The reality of ice skating is undignified, hard on the backside and avoiding gaggles of teenage girls who couldn't possibly remain upright without 16 of their closest friends to hang on to.

I'm actually not too bad at ice skating. Papapotamus took me occasionally when I was little and while I often caused pile-ups on the rink, I think I do it more naturally now than say, The Rock Star, who, being 6'2", has further to fall.

This is the picture he would want me to post. Out of love and respect, I shall NOT post the one with his arms flailing every which way. It just wouldn't be sporting.

Quote of the Week

The Rock Star insisted on this as Quote of the Week. Christmas is a time of joy and giving; for making peace with one's fellow men. Supposedly.

The Rock Star and I weren't having a particularly good Monday.
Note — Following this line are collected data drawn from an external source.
Lemma exists_subset_card A k : (k <= #|A|)%N -> exists2 S : {set T}, S \subset A & #|S| = k.
Proof.
case/card_geqP => s [s_uniq size_s sA]; exists [set x in s].
  by apply/fintype.subsetP => x; rewrite inE => /sA.
by rewrite cardsE (card_uniqP s_uniq).
Qed.

Lemma card_swap {S r j} : r \in S -> j \notin S -> #|j |: (S :\ r)| = #|S|.
Proof. by move=> rS jS; rewrite cardsU1 !inE negb_and jS orbT (cardsD1 r S) rS. Qed.

Lemma sum_swap {f S r j} : r \in S -> j \notin S ->
  \sum_(i in j |: (S :\ r)) f i = \sum_(i in S) f i - f r + f j.
Proof.
by move=> rS jS; rewrite big_setU1 ?inE ?negb_and ?jS ?orbT //= (big_setD1 r rS) /=; lra.
Qed.

(* If no half-size subset of [X] carries more than half of the total, then
   complementary halves carry exactly half each, and exchanging one element
   between them shows that [f] is constant on [X]. *)
Lemma eq_of_half_sums f X k : #|X| = k.*2 ->
  (forall S, S \subset X -> #|S| = k -> 2 * \sum_(i in S) f i <= \sum_(i in X) f i) ->
  {in X &, forall a b, f a = f b}.
Proof.
move=> cardX half_le.
have half_eq S : S \subset X -> #|S| = k -> 2 * \sum_(i in S) f i = \sum_(i in X) f i.
  move=> SX cardS; have cardXS : #|X :\: S| = k.
    by rewrite cardsD (finset.setIidPr SX) cardS cardX -addnn addnK.
  have := half_le _ (finset.subsetDl X S) cardXS; have := half_le _ SX cardS.
  by rewrite [\sum_(i in X) _](big_setID S) /= (finset.setIidPr SX); lra.
move=> a b aX bX; have [->//|ab] := eqVneq a b.
have cardXab : #|X :\ a :\ b| = k.*2.-2.
  by rewrite -cardX (cardsD1 a X) (cardsD1 b (X :\ a)) aX !inE eq_sym ab bX.
have [S SX cardS] := @exists_subset_card (X :\ a :\ b) k.-1 ltac:(rewrite cardXab; lia).
have [aS bS] : a \notin S /\ b \notin S.
  by split; apply/negP => /(fintype.subsetP SX); rewrite !inE ?eqxx ?andbF.
have k_gt0 : (0 < k)%N.
  by rewrite -double_gt0 -cardX (cardsD1 a X) aX.
have addS x : x \in X -> x \notin S -> 2 * (f x + \sum_(i in S) f i) = \sum_(i in X) f i.
  move=> xX xS; rewrite -(big_setU1 _ xS) half_eq //; last first.
    by rewrite cardsU1 xS cardS add1n prednK.
  rewrite finset.subUset finset.sub1set xX (fintype.subset_trans SX) //.
  by rewrite (fintype.subset_trans (finset.subD1set _ b)) ?finset.subD1set.
by have := addS a aX aS; have := addS b bX bS; lra.
Qed.

Lemma card_perm_preimset (s : {perm T}) S : #|s @^-1: S| = #|S|.
Proof. by rewrite card_preimset //; apply: perm_inj. Qed.

End FinsetSums.

Lemma exists_notin_geq n k (S : {set 'I_n.+1}) : (k + #|S| <= n)%N ->
  exists2 j : 'I_n.+1, j \notin S & (k <= j)%N.
Proof.
move=> small; pose X := S :|: [set inord i | i : 'I_k].
have : (#|X| < #|'I_n.+1|)%N.
  rewrite card_ord ltnS (leq_trans (leq_card_setU _ _)) // addnC.
  by rewrite (leq_trans _ small) // leq_add2r (leq_trans (leq_imset_card _ _)) ?card_ord.
rewrite -(cardsC X) -{1}[#|X|]addn0 ltn_add2l => /card_gt0P [j].
rewrite !inE negb_or => /andP[jS jk].
exists j => //; rewrite leqNgt; apply: contra jk => lt_jk.
by apply/imsetP; exists (Ordinal lt_jk) => //; rewrite inord_val.
Qed.

Definition Pm_gen (R : realType) (m : nat) : set 'rV[R]_(N m) :=
  [set x | (exists S : {set 'I_(N m)}, #|S| = m.+1 /\ x = vS R S)
        \/ (exists i j : 'I_(N m), (i < j)%N /\ x = w R i j)].

Definition PI_gen (R : realType) (m : nat) : set 'rV[R]_(N m) :=
  [set x | exists S : {set 'I_(N m)}, #|S| = m.+1 /\ x = vS R S].

Definition PII_gen (R : realType) (m : nat) : set 'rV[R]_(N m) :=
  [set x | (exists S : {set 'I_(N m)}, #|S| = m.+1 /\
              (forall r, r \in S -> (1 <= r)%N) /\ x = vS R S)
        \/ (exists j : 'I_(N m), (1 <= j)%N /\ x = w R (idx m 0) j)].

Definition PIII_gen (R : realType) (m : nat) : set 'rV[R]_(N m) :=
  [set x | (exists S : {set 'I_(N m)}, #|S| = m.+1 /\
              (forall r, r \in S -> (3 <= r)%N) /\ x = vS R S)
        \/ (exists i j : 'I_(N m), (i < j)%N /\ (j <= 2)%N /\ x = w R i j)].

Section Polytopes.
Context {R : realType} {m : nat}.
Implicit Types (x : 'rV[R]_(N m)) (s : 'S_(N m)).

Lemma PmE : Pm R m = conv (Pm_gen R m). Proof. by []. Qed.
Lemma PIE : PI R m = conv (PI_gen R m). Proof. by []. Qed.
Lemma PIIE : PII R m = conv (PII_gen R m). Proof. by []. Qed.
Lemma PIIIE : PIII R m = conv (PIII_gen R m). Proof. by []. Qed.

Lemma idx_val k : (k < N m)%N -> idx m k = k :> nat.
Proof. exact: inordK. Qed.

Lemma idx_small k : (k <= 5)%N -> idx m k = k :> nat.
Proof. by move=> k5; rewrite idx_val // /N; lia. Qed.

Lemma Pm_gen_w {i j : 'I_(N m)} : i != j -> Pm_gen R m (w R i j).
Proof.
move=> ij; right; case: (ltngtP i j) => [lt_ij|lt_ji|/val_inj eq_ij].
- by exists i, j.
- by exists j, i; rewrite w_sym.
- by rewrite eq_ij eqxx in ij.
Qed.

Lemma Pm_permv s : permv s @` Pm R m = Pm R m.
Proof.
rewrite PmE conv_permv image_permv_id // => {}s _ [[S [cardS ->]]|[i [j [ij ->]]]].
  by left; exists (s @^-1: S); rewrite permv_vS card_perm_preimset.
by rewrite permv_w; apply: Pm_gen_w; rewrite (inj_eq perm_inj) neq_ltn ij.
Qed.

Lemma PI_permv s : permv s @` PI R m = PI R m.
Proof.
rewrite PIE conv_permv image_permv_id // => {}s _ [S [cardS ->]].
by exists (s @^-1: S); rewrite permv_vS card_perm_preimset.
Qed.

Lemma half_N : 2^-1 * (N m)%:R = m.+1%:R + 2 :> R.
Proof.
have -> : N m = (m.+1 + 2).*2 by rewrite /N; lia.
by rewrite -mul2n natrM mulrA mulVf ?mul1r ?pnatr_eq0 // natrD.
Qed.

Lemma sum_Pm x : Pm R m x -> \sum_j x ord0 j = m.+1%:R.
Proof.
have -> : \sum_j x ord0 j = dotv (const_mx 1) x.
  by apply: eq_bigr => j _; rewrite mxE mul1r.
rewrite PmE; apply: conv_eq => _ [[S [cardS ->]]|[i [j [ij ->]]]].
  by rewrite dotv_vS (eq_bigr (fun _ => 1)) => [|i _]; rewrite ?mxE // sumr_const cardS.
rewrite dotv_w ?neq_ltn ?ij // !mxE (eq_bigr (fun _ => 1)) => [|k _]; last by rewrite mxE.
by rewrite sumr_const card_ord -[_ *+ _]mulr_natr mul1r half_N; lra.
Qed.

End Polytopes.

Definition first4 (m : nat) : {set 'I_(N m)} := [set idx m k | k : 'I_4].

Section SmallIndices.
Context {m : nat}.

Lemma idx_eq k l : (k <= 5)%N -> (l <= 5)%N -> (idx m k == idx m l) = (k == l).
Proof. by move=> k5 l5; rewrite -(inj_eq val_inj) /= !idx_small. Qed.

Lemma idx01_neq : idx m 0 != idx m 1.
Proof. by rewrite idx_eq. Qed.

Lemma ord4_le5 (k : 'I_4) : (k <= 5)%N.
Proof. by apply: leq_trans (ltnW (ltn_ord k)) _. Qed.

Lemma mem_first4 (j : 'I_(N m)) : (j \in first4 m) = (j < 4)%N.
Proof.
apply/imsetP/idP => [[k _ ->]|j4]; first by rewrite idx_small ?ord4_le5.
by exists (Ordinal j4) => //; apply: val_inj; rewrite /= idx_small ?(ord4_le5 (Ordinal j4)).
Qed.

Lemma idx_first4_inj : injective (fun k : 'I_4 => idx m k).
Proof. by move=> a b /eqP; rewrite idx_eq ?ord4_le5 // => /eqP/val_inj. Qed.

Lemma card_first4 : #|first4 m| = 4.
Proof. by rewrite card_imset ?card_ord //; apply: idx_first4_inj. Qed.

Lemma sum_first4 {R : realType} (x : 'rV[R]_(N m)) : \sum_(j in first4 m) x ord0 j =
  x ord0 (idx m 0) + x ord0 (idx m 1) + x ord0 (idx m 2) + x ord0 (idx m 3).
Proof.
rewrite big_imset /=; last by move=> a b _ _; apply: idx_first4_inj.
by rewrite big_mkcond /= !big_ord_recr big_ord0 /= add0r.
Qed.

End SmallIndices.

Section SortedFunctional.
Context {R : realType} {m : nat}.
Variable c : 'rV[R]_(N m).
Hypothesis c_sorted : {homo c ord0 : i j / (i <= j)%N >-> i <= j}.

Local Notation ck k := (c ord0 (idx m k)).
Local Notation W := (dotv c (w R (idx m 0) (idx m 1))).

Lemma ck_le k (j : 'I_(N m)) : (k <= j)%N -> ck k <= c ord0 j.
Proof. by move=> kj; apply: c_sorted; rewrite idx_val // (leq_ltn_trans kj). Qed.

Lemma le_ck k (j : 'I_(N m)) : (j <= k)%N -> (k <= 5)%N -> c ord0 j <= ck k.
Proof. by move=> jk k5; apply: c_sorted; rewrite idx_small. Qed.

Lemma dotv_wE (i j : 'I_(N m)) : i != j ->
  dotv c (w R i j) = W + (ck 0 + ck 1) - (c ord0 i + c ord0 j).
Proof. by move=> ij; rewrite !dotv_w ?idx01_neq //; lra. Qed.

Lemma dotv_w_le {i j : 'I_(N m)} : (i < j)%N -> dotv c (w R i j) <= W.
Proof.
move=> ij; rewrite dotv_wE ?neq_ltn ?ij //.
by have := ck_le 0 i isT; have := ck_le 1 j (leq_ltn_trans (leq0n i) ij); lra.
Qed.

Lemma face_Pm_PI : (exists S : {set 'I_(N m)}, #|S| = m.+1 /\ W < dotv c (vS R S)) ->
  face (Pm R m) c = face (PI R m) c.
Proof.
case=> S0 [cardS0 ltW].
have [Sx /eqP cardSx Sxmax] := @arg_maxP _ _ _ S0 (fun S => #|S| == m.+1)
  (fun S => dotv c (vS R S)) (introT eqP cardS0).
have Sx_gtW : W < dotv c (vS R Sx) by apply: lt_le_trans ltW (Sxmax _ _); apply/eqP.
rewrite PmE PIE; apply: (face_conv_sub (vS R Sx)).
- by move=> _ [S [cardS ->]]; left; exists S.
- by exists Sx.
- move=> _ [[S [cardS ->]]|[i [j [ij ->]]]]; first by apply: Sxmax; apply/eqP.
  by have := dotv_w_le ij; lra.
- move=> _ [[S [cardS ->]]|[i [j [ij ->]]]] eqmax; first by exists S.
  by have := dotv_w_le ij; lra.
Qed.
We'd been discussing, on our way to Tesco, the lack of good news of late. The US House of Representitives has just approved oil drilling in the ANWR. Big business seems to be able to get away with anything. So does big government. No one seems to have any respect for anything anymore. We were both feeling distinctly unfluffy when we walked into the store to find a mass of carolers warbling "O Little Town of Bethlehem", each in their own personal key. They were raising money for some charity or another, but unfortunately chose two teenage girls as collectors who's strategy was to chase after shoppers and yell, "Give us money!"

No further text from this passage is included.